SOURCE RECORDS ▸

:::

(* Let $k\ge 1$ and $1\le m\le k$ be integers, and let $-\infty\le\alpha<\beta\le+\infty$. Let $M, G, \widetilde F:(\alpha,\beta)\to\mathbb{R}$ be $C^k$ functions, and let $\mathbb{S}$ denote the set of zeros of $G$ in $(\alpha,\beta)$. Suppose that $$\left(\frac{M(h)}{G(h)}\right)^{(m)}=\frac{\widetilde F(h)}{G^{m+1}(h)}\qquad\text{for all } h\in(\alpha,\beta)\setminus\mathbb{S}.$$ Assume that $\widetilde F$ and $G$ have finitely many zeros in $(\alpha,\beta)$, and that every zero of $M$, $G$ and $\widetilde F$ in $(\alpha,\beta)$ has multiplicity at most $k$. Let $\lambda,\mu,p$ denote the number of zeros of $M$, $\widetilde F$, $G$ in $(\alpha,\beta)$ respectively, counted with multiplicity. Then $$\lambda\le \mu+mp+m.$$
   Context: A zero $h_0$ of a $C^k$ function $f$ has multiplicity $l$ ($1\le l\le k$) if $f(h_0)=f'(h_0)=\dots=f^{(l-1)}(h_0)=0$ and $f^{(l)}(h_0)\neq 0$. Numbers of zeros ''counted with multiplicity'' are sums of these multiplicities. *)

From Stdlib Require Import Reals Lra List ClassicalEpsilon.
From Coquelicot Require Import Coquelicot.
Open Scope R_scope.

Definition in_open (a b : Rbar) (x : R) : Prop := Rbar_lt a x /\ Rbar_lt x b.

Definition Ck_on (k : nat) (a b : Rbar) (f : R -> R) : Prop :=
  forall x, in_open a b x ->
    (forall j, (j <= k)%nat -> ex_derive_n f j x) /\
    continuous (Derive_n f k) x.

Definition is_mult (f : R -> R) (x0 : R) (l : nat) : Prop :=
  (1 <= l)%nat /\
  (forall j, (j < l)%nat -> Derive_n f j x0 = 0) /\
  Derive_n f l x0 <> 0.

(* The multiplicity of the zero x0 of f (meaningful when it exists;
   it is then unique). *)
Definition mult (f : R -> R) (x0 : R) : nat :=
  epsilon (inhabits 0%nat) (fun l => is_mult f x0 l).

Definition sum_mult (f : R -> R) (Z : list R) : nat :=
  fold_right (fun x acc => (mult f x + acc)%nat) 0%nat Z.

(* Put Q_0 = M and Q_(i+1) = G Q_i' - (i+1) G' Q_i (this is [qnum M G i]), so that
   (M/G)^(i) = Q_i / G^(i+1) where G <> 0, and Ft = Q_m there.  On an interval free of
   zeros of G, Rolle's theorem for Q_i / G^(i+1) places a zero of Q_(i+1) between
   consecutive zeros of Q_i, while a zero of Q_i of order t >= 2 remains a zero of
   Q_(i+1) of order t - 1; each step loses at most one zero counted with multiplicity,
   so M has at most m more zeros there than Ft.  At a zero g of G, every Q_i is
   O(|x - g|^s) where s is the order of M at g, and since Ft = Q_m just to the right of
   g, Ft vanishes at g to order at least s.  The zeros of G cut (alpha, beta) into at
   most p + 1 intervals free of zeros of G, whence lambda <= mu + m p + m. *)

From Pilot Require Import Defs.
From Stdlib Require Import Reals Lra Lia List Permutation Sorted ClassicalEpsilon
  FunctionalExtensionality.
From Coquelicot Require Import Coquelicot.
(* Re-imported so that [mult] means Defs.mult rather than Coquelicot's ring product. *)
Import Defs.
Open Scope R_scope.

(** * Differentiability classes on an open interval *)

Lemma Derive_n_S_Derive (f : R -> R) (n : nat) :
  Derive_n f (S n) = Derive_n (Derive f) n.
Proof.
  induction n as [|n IH]; apply functional_extensionality; intro x; simpl.
  - apply Derive_ext; reflexivity.
  - simpl in IH; rewrite IH; reflexivity.
Qed.

Lemma continuous_eps_delta (f : R -> R) (x : R) : continuous f x ->
  forall eps, 0 < eps ->
  exists d, 0 < d /\ forall y, Rabs (y - x) < d -> Rabs (f y - f x) < eps.
Proof.
  intros Hf eps Heps.
  destruct (proj1 (filterlim_locally f (f x)) Hf (mkposreal eps Heps)) as [d Hd].
  exists d; split; [apply cond_pos | intros y Hy; apply (Hd y), Hy].
Qed.

Lemma ex_derive_continuity_pt (f : R -> R) (x : R) : ex_derive f x -> continuity_pt f x.
Proof.
  intros H. apply continuity_pt_filterlim.
  apply (@ex_derive_continuous R_AbsRing R_NormedModule f x), H.
Qed.

Lemma in_open_ball (a b : Rbar) (x : R) : in_open a b x ->
  exists d, 0 < d /\ forall y, Rabs (y - x) < d -> in_open a b y.
Proof.
  intros [H1 H2]. destruct (Rbar_lt_locally a b x H1 H2) as [d Hd].
  exists d; split; [apply cond_pos | intros y Hy; split; apply (Hd y Hy)].
Qed.

Lemma in_open_locally (a b : Rbar) (x : R) : in_open a b x -> locally x (in_open a b).
Proof.
  intros [H1 H2]. apply (locally_interval _ x a b H1 H2). now split.
Qed.

Lemma in_open_between (a b : Rbar) (z z2 y : R) : in_open a b z -> in_open a b z2 ->
  z <= y <= z2 -> in_open a b y.
Proof. unfold in_open. destruct a, b; simpl; intros; lra. Qed.

Lemma in_open_split (a b : Rbar) (g x : R) : in_open a b g ->
  (in_open a b x <-> in_open a g x \/ x = g \/ in_open g b x).
Proof.
  unfold in_open. intros Hg.
  destruct (Rtotal_order x g) as [H|[H|H]]; destruct a, b; simpl in *;
  split; intros; try tauto; try (left; lra); try (right; left; lra);
  try (right; right; lra); intuition lra.
Qed.

Section Cn.

Variables a b : Rbar.

Fixpoint Cn (n : nat) (f : R -> R) : Prop :=
  match n with
  | O => forall x, in_open a b x -> continuous f x
  | S n' => (forall x, in_open a b x -> ex_derive f x) /\ Cn n' (Derive f)
  end.

Lemma locally_eq_in_open (f g : R -> R) (x : R) :
  (forall y, in_open a b y -> f y = g y) -> in_open a b x -> locally x (fun t => f t = g t).
Proof. intros H Hx. apply (filter_imp _ _ H), in_open_locally, Hx. Qed.

Lemma Cn_ext (n : nat) : forall f g : R -> R,
  (forall x, in_open a b x -> f x = g x) -> Cn n f -> Cn n g.
Proof.
  induction n as [|n IH]; intros f g Hfg Hf; simpl in *.
  - intros x Hx. apply (continuous_ext_loc g f x).
    + apply (locally_eq_in_open f g x Hfg Hx).
    + apply Hf, Hx.
  - destruct Hf as [Hd Hf]. split.
    + intros x Hx. apply (ex_derive_ext_loc f g x (locally_eq_in_open f g x Hfg Hx)), Hd, Hx.
    + apply (IH (Derive f)); auto. intros x Hx.
      apply Derive_ext_loc, (locally_eq_in_open f g x Hfg Hx).
Qed.

Lemma Cn_continuous (n : nat) (f : R -> R) :
  Cn n f -> forall x, in_open a b x -> continuous f x.
Proof.
  destruct n; simpl; intros H x Hx; [apply H, Hx|].
  apply (@ex_derive_continuous R_AbsRing R_NormedModule f x), (proj1 H), Hx.
Qed.

Lemma Cn_ex_derive (n : nat) (f : R -> R) :
  Cn (S n) f -> forall x, in_open a b x -> ex_derive f x.
Proof. intros [H _]; exact H. Qed.

Lemma Cn_Derive (n : nat) (f : R -> R) : Cn (S n) f -> Cn n (Derive f).
Proof. intros [_ H]; exact H. Qed.

Lemma Cn_S (n : nat) : forall f, Cn (S n) f -> Cn n f.
Proof.
  induction n as [|n IH]; intros f H.
  - intros x Hx. apply (Cn_continuous 1 f H x Hx).
  - destruct H as [Hd H]. split; auto.
Qed.

Lemma Cn_le (n n' : nat) (f : R -> R) : (n <= n')%nat -> Cn n' f -> Cn n f.
Proof. induction 1 as [|n' _ IH]; auto. intros Hf; apply IH, Cn_S, Hf. Qed.

Lemma Cn_const (n : nat) (c : R) : Cn n (fun _ => c).
Proof.
  revert c. induction n as [|n IH]; intros c; simpl.
  - intros; apply continuous_const.
  - split; [intros; apply ex_derive_const|].
    apply (Cn_ext n (fun _ => 0)); [|apply IH].
    intros x _. rewrite Derive_const. reflexivity.
Qed.

Lemma Cn_plus (n : nat) : forall f g,
  Cn n f -> Cn n g -> Cn n (fun x => f x + g x).
Proof.
  induction n as [|n IH]; intros f g Hf Hg; simpl in *.
  - intros x Hx. apply (continuous_plus f g x); auto.
  - destruct Hf as [Hf1 Hf2], Hg as [Hg1 Hg2]. split.
    + intros x Hx. apply (ex_derive_plus f g x); auto.
    + apply (Cn_ext n (fun x => Derive f x + Derive g x)); [|apply IH; auto].
      intros x Hx. rewrite Derive_plus; auto.
Qed.

Lemma Cn_mult (n : nat) : forall f g,
  Cn n f -> Cn n g -> Cn n (fun x => f x * g x).
Proof.
  induction n as [|n IH]; intros f g Hf Hg.
  - simpl in *. intros x Hx. apply (continuous_mult f g x); auto.
  - pose proof (Cn_S n f Hf) as Hf'. pose proof (Cn_S n g Hg) as Hg'.
    destruct Hf as [Hf1 Hf2], Hg as [Hg1 Hg2]. split.
    + intros x Hx. apply (ex_derive_mult f g x); auto.
    + apply (Cn_ext n (fun x => Derive f x * g x + f x * Derive g x)).
      * intros x Hx. rewrite Derive_mult; auto.
      * apply Cn_plus; apply IH; auto.
Qed.

Lemma Cn_scal (n : nat) (c : R) f : Cn n f -> Cn n (fun x => c * f x).
Proof. intros H. apply (Cn_mult n (fun _ => c) f); auto. apply Cn_const. Qed.

Lemma Cn_minus (n : nat) f g : Cn n f -> Cn n g -> Cn n (fun x => f x - g x).
Proof.
  intros Hf Hg. apply (Cn_ext n (fun x => f x + (-1) * g x)); [intros; ring|].
  apply Cn_plus, Cn_scal; auto.
Qed.

Lemma Ck_on_Cn (k : nat) (f : R -> R) : Ck_on k a b f -> Cn k f.
Proof.
  intros H.
  assert (A : forall d j, (j + d = k)%nat -> Cn d (Derive_n f j)).
  { induction d as [|d IH]; intros j Hj.
    - intros x Hx. replace j with k by lia. apply (proj2 (H x Hx)).
    - split; [intros x Hx; apply (proj1 (H x Hx) (S j)); lia | apply (IH (S j)); lia]. }
  apply (A k 0%nat); lia.
Qed.

End Cn.

(** * Vanishing orders and local estimates *)

Lemma pow_le_compat_le_1 (r : R) (m n : nat) : 0 <= r <= 1 -> (m <= n)%nat -> r ^ n <= r ^ m.
Proof.
  intros Hr. induction 1 as [|n _ IH]; [lra|]. simpl.
  apply Rle_trans with (1 * r ^ n); [|lra].
  apply Rmult_le_compat_r; [apply pow_le|]; lra.
Qed.

Lemma Rabs_between (g x c : R) : Rmin g x <= c <= Rmax g x -> Rabs (c - g) <= Rabs (x - g).
Proof.
  unfold Rmin, Rmax. destruct (Rle_dec g x); intros [H1 H2];
  unfold Rabs; destruct (Rcase_abs (c - g)), (Rcase_abs (x - g)); lra.
Qed.

Lemma pow_not_bigO_higher_pow (e C d : R) (q s : nat) : 0 < e -> 0 < d -> (q < s)%nat ->
  ~ (forall x, 0 < x < d -> e * x ^ q <= C * x ^ s).
Proof.
  intros He Hd Hqs H.
  set (x := Rmin d (Rmin 1 (e / (Rabs C + 1))) / 2).
  assert (HC : 0 <= Rabs C) by apply Rabs_pos.
  assert (Hr : 0 < e / (Rabs C + 1)) by (apply Rdiv_lt_0_compat; lra).
  pose proof (Rmin_l d (Rmin 1 (e / (Rabs C + 1)))) as Hm1.
  pose proof (Rmin_r d (Rmin 1 (e / (Rabs C + 1)))) as Hm2.
  pose proof (Rmin_l 1 (e / (Rabs C + 1))) as Hm3.
  pose proof (Rmin_r 1 (e / (Rabs C + 1))) as Hm4.
  assert (0 < Rmin d (Rmin 1 (e / (Rabs C + 1)))) by (repeat apply Rmin_pos; lra).
  assert (Hx : 0 < x) by (unfold x; lra).
  assert (Hx1 : x < 1) by (unfold x; lra).
  assert (Hxe : x * (Rabs C + 1) < e).
  { apply Rlt_le_trans with (e / (Rabs C + 1) * (Rabs C + 1)).
    - apply Rmult_lt_compat_r; [lra | unfold x; lra].
    - right; field; lra. }
  assert (Hxq : 0 < x ^ q) by (apply pow_lt; lra).
  assert (Hs : C * x ^ s <= Rabs C * x * x ^ q).
  { apply Rle_trans with (Rabs C * x ^ s).
    - apply Rmult_le_compat_r; [apply pow_le; lra | apply Rle_abs].
    - rewrite Rmult_assoc; change (x * x ^ q) with (x ^ S q).
      apply Rmult_le_compat_l; [lra | apply pow_le_compat_le_1; lra || lia]. }
  assert (e * x ^ q <= Rabs C * x * x ^ q) by (apply Rle_trans with (2 := Hs), H; unfold x; lra).
  assert (e <= Rabs C * x) by (apply Rmult_le_reg_r with (x ^ q); auto; lra).
  nra.
Qed.

Lemma is_derive_nonneg_le (h h' : R -> R) (g x : R) : g <= x ->
  (forall y, g <= y <= x -> is_derive h y (h' y)) -> (forall y, g <= y <= x -> 0 <= h' y) ->
  h g <= h x.
Proof.
  intros Hgx Hd Hpos. destruct (Req_dec g x) as [<-|Hne]; [lra|].
  destruct (MVT_gen h g x h') as [c [Hc Hhc]];
    try rewrite Rmin_left, Rmax_right in * by lra.
  - intros y Hy. apply Hd; lra.
  - intros y Hy. apply ex_derive_continuity_pt. exists (h' y). apply Hd, Hy.
  - assert (0 <= h' c * (x - g)) by (apply Rmult_le_pos; [apply Hpos|]; lra). lra.
Qed.

Definition bigO_at (f : R -> R) (g : R) (s : nat) : Prop :=
  exists d, 0 < d /\ exists C, forall x, Rabs (x - g) < d -> Rabs (f x) <= C * Rabs (x - g) ^ s.

Lemma bigO_at_le (f : R -> R) (g : R) (s s' : nat) : (s' <= s)%nat ->
  bigO_at f g s -> bigO_at f g s'.
Proof.
  intros Hs [d [Hd [C HC]]]. exists (Rmin d 1); split; [apply Rmin_pos; lra|].
  exists (Rabs C). intros x Hx.
  pose proof (Rmin_l d 1). pose proof (Rmin_r d 1).
  apply Rle_trans with (1 := HC x ltac:(lra)).
  apply Rle_trans with (Rabs C * Rabs (x - g) ^ s).
  - apply Rmult_le_compat_r; [apply pow_le, Rabs_pos | apply Rle_abs].
  - apply Rmult_le_compat_l; [apply Rabs_pos|].
    apply pow_le_compat_le_1; auto. split; [apply Rabs_pos | lra].
Qed.

Lemma bigO_at_plus (f h : R -> R) (g : R) (s : nat) : bigO_at f g s -> bigO_at h g s ->
  bigO_at (fun x => f x + h x) g s.
Proof.
  intros [d1 [Hd1 [C1 HC1]]] [d2 [Hd2 [C2 HC2]]].
  exists (Rmin d1 d2); split; [apply Rmin_pos; lra|].
  exists (Rabs C1 + Rabs C2). intros x Hx.
  pose proof (Rmin_l d1 d2). pose proof (Rmin_r d1 d2).
  specialize (HC1 x ltac:(lra)). specialize (HC2 x ltac:(lra)).
  assert (P : 0 <= Rabs (x - g) ^ s) by (apply pow_le, Rabs_pos).
  apply Rle_trans with (1 := Rabs_triang (f x) (h x)).
  assert (C1 * Rabs (x - g) ^ s <= Rabs C1 * Rabs (x - g) ^ s)
    by (apply Rmult_le_compat_r; auto; apply Rle_abs).
  assert (C2 * Rabs (x - g) ^ s <= Rabs C2 * Rabs (x - g) ^ s)
    by (apply Rmult_le_compat_r; auto; apply Rle_abs).
  lra.
Qed.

:::

EXERCISE INSTRUCTIONS ▸
The lines to extract from the data above begin with the line containing "epsilon (inhabits 0%nat)" and end with the line containing "(M/G)^(i) = Q_i". Extract them exactly, including both.

SOLUTION TO THE EXERCISE ▸
  epsilon (inhabits 0%nat) (fun l => is_mult f x0 l).

Definition sum_mult (f : R -> R) (Z : list R) : nat :=
  fold_right (fun x acc => (mult f x + acc)%nat) 0%nat Z.

(* Put Q_0 = M and Q_(i+1) = G Q_i' - (i+1) G' Q_i (this is [qnum M G i]), so that
   (M/G)^(i) = Q_i / G^(i+1) where G <> 0, and Ft = Q_m there.  On an interval free of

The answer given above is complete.